Hace cincuenta años moría una escritora cuya
leyenda se asentó ya en vida y que, en 1985, se hizo universal y eterna gracias
al cine. La danesa Karen Christenze Dinesen, que se haría célebre como
escritora bajo el seudónimo de Isak Dinesen, sobre todo gracias al espaldarazo
que supuso la gran acogida de los lectores estadounidenses, conquistó a los
espectadores de medio mundo cuando Meryl Streep se encargó de interpretar su
vida en la famosa «Memorias de África». Hoy, tanto su granja, en las colinas de
Ngong, cercana a Nairobi –abierta para los turistas en 1986, aprovechando el
impacto del filme de Sidney Pollack– como la finca familiar, Rungstedlund, a 25
kilómetros al norte de Copenhague, son museos que recuerdan su obra literaria y
conservan los recuerdos –escudos de las tribus masái y kikuyu, por ejemplo– de
esta mujer excéntrica, aventurera y distinguida.

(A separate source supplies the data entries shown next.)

Lemma order_sq_ratio_wreath_le p (G : finGroupType) :
  prime p -> (p.-group [set: G])%g ->
  order_sq_ratio (wreath G 'Z_p) <= sq_ratio_factor p * order_sq_ratio G.
Proof.
move=> p_pr pG; rewrite /order_sq_ratio mulf_div -!natrM card_prod card_Zp_prime //.
apply: ler_nat_frac.
- by rewrite !muln_gt0 card_ffun_finGroup_gt0 max_order_gt0 prime_gt0.
- by rewrite !muln_gt0 ?expn_gt0 card_finGroup_gt0 max_order_gt0 prime_gt0.
move: (sum_order_sq_wreath_le p_pr pG) (max_order_wreath_Zp_ge p_pr G).
set a := (p + p.-1 * p ^ 2)%N; set K := #|{ffun 'Z_p -> G}|; set N := #|G|.
set T' := sum_order_sq (wreath G 'Z_p); set T := sum_order_sq G.
set M := max_order (wreath G 'Z_p); set m := max_order G => le_T le_m.
rewrite (_ : T' * (p ^ 3 * (N * m ^ 2)) = N * T' * (p * (p * m) ^ 2))%N; last by ring.
rewrite (_ : a * T * (K * p * M ^ 2) = a * K * T * (p * M ^ 2))%N; last by ring.
by rewrite leq_mul ?leq_pmul2l ?leq_exp2r ?prime_gt0.
Qed.

Lemma order_sq_ratio_iter_le p (A : finGroupType) n :
  prime p -> (p.-group [set: A])%g ->
  order_sq_ratio (iter_wreath p A n) <= sq_ratio_factor p ^+ n.
Proof.
move=> p_pr pA; elim: n => [|n IHn]; first exact: order_sq_ratio_le1.
apply: le_trans (order_sq_ratio_wreath_le p_pr (pgroup_iter_wreath p_pr n pA)) _.
by rewrite exprS ler_wpM2l ?sq_ratio_factor_ge0.
Qed.

End Ratios.

Lemma order_ratio_iter_le (R : rcfType) p (A : finGroupType) n :
  prime p -> (p.-group [set: A])%g ->
  order_ratio R (iter_wreath p A n) <= Num.sqrt (sq_ratio_factor R p) ^+ n.
Proof.
move=> p_pr pA; rewrite -(@ler_pXn2r _ 2) ?nnegrE ?exprn_ge0 ?sqrtr_ge0 //; last first.
  by rewrite divr_ge0 ?ler0n.
rewrite -exprM mulnC exprM sqr_sqrtr ?sq_ratio_factor_ge0 //.
exact: le_trans (order_ratio_sqr_le _ _) (order_sq_ratio_iter_le _ _ p_pr pA).
Qed.

From mathcomp Require Import all_classical all_reals all_analysis.
Import numFieldNormedType.Exports.

Theorem corollary5p2 (R : realType) (p : nat) (A B : finGroupType) :
  prime p ->
  (p.-group [set: A])%g -> [set: A] != 1%g ->
  (p.-group [set: B])%g -> [set: B] != 1%g ->
  ((fun n : nat => psi R (iter_wreath p A n) B) @ \oo --> (0 : R))%classic.
Proof.
move=> p_pr pA _ _ _.
set s := Num.sqrt (sq_ratio_factor R p).
have s_lt1 : `|s| < 1.
  by rewrite ger0_norm ?sqrtr_ge0 // -sqrtr1 ltr_sqrt ?sq_ratio_factor_lt1 ?prime_gt1.
have psi_le n : 0 <= psi R (iter_wreath p A n) B <= #|B|%:R * s ^+ n.
  have pAn := pgroup_iter_wreath p_pr n pA.
  rewrite psi_ge0 (le_trans (psi_le_order_ratio _ _ p_pr pAn)) //.
  by rewrite ler_wpM2l ?ler0n ?order_ratio_iter_le.
apply: (@squeeze_cvgr _ _ _ _ (fun=> 0) (fun n => #|B|%:R * s ^+ n)).
- by near=> n; apply: psi_le.
- exact: cvg_cst.
- by rewrite -(mulr0 #|B|%:R); apply: cvgMl_tmp; apply: cvg_expr.
Unshelve. all: end_near.
Qed.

La gran pantalla captó a las mil maravillas la
belleza de Kenia y las costumbres de los nativos que trabajaron en la granja, y
adaptó muy hábilmente lo que Dinesen escribiera en sus dos libros dedicados al
continente negro: «Lejos de África», y el breve «Sombras en la hierba». Dos
textos, separados por un cuarto de siglo, donde describía su visión de una
tierra que la fascinó durante diecisiete años, el tiempo que pasó entre que
acompañó a su marido, su primo y barón Bror Blixen (en realidad, había estado enamorada
de su hermano gemelo de joven) en 1913, para regentar una plantación de café,
contrajo la sífilis, se divorció y pasó a encargarse ella sola de la granja.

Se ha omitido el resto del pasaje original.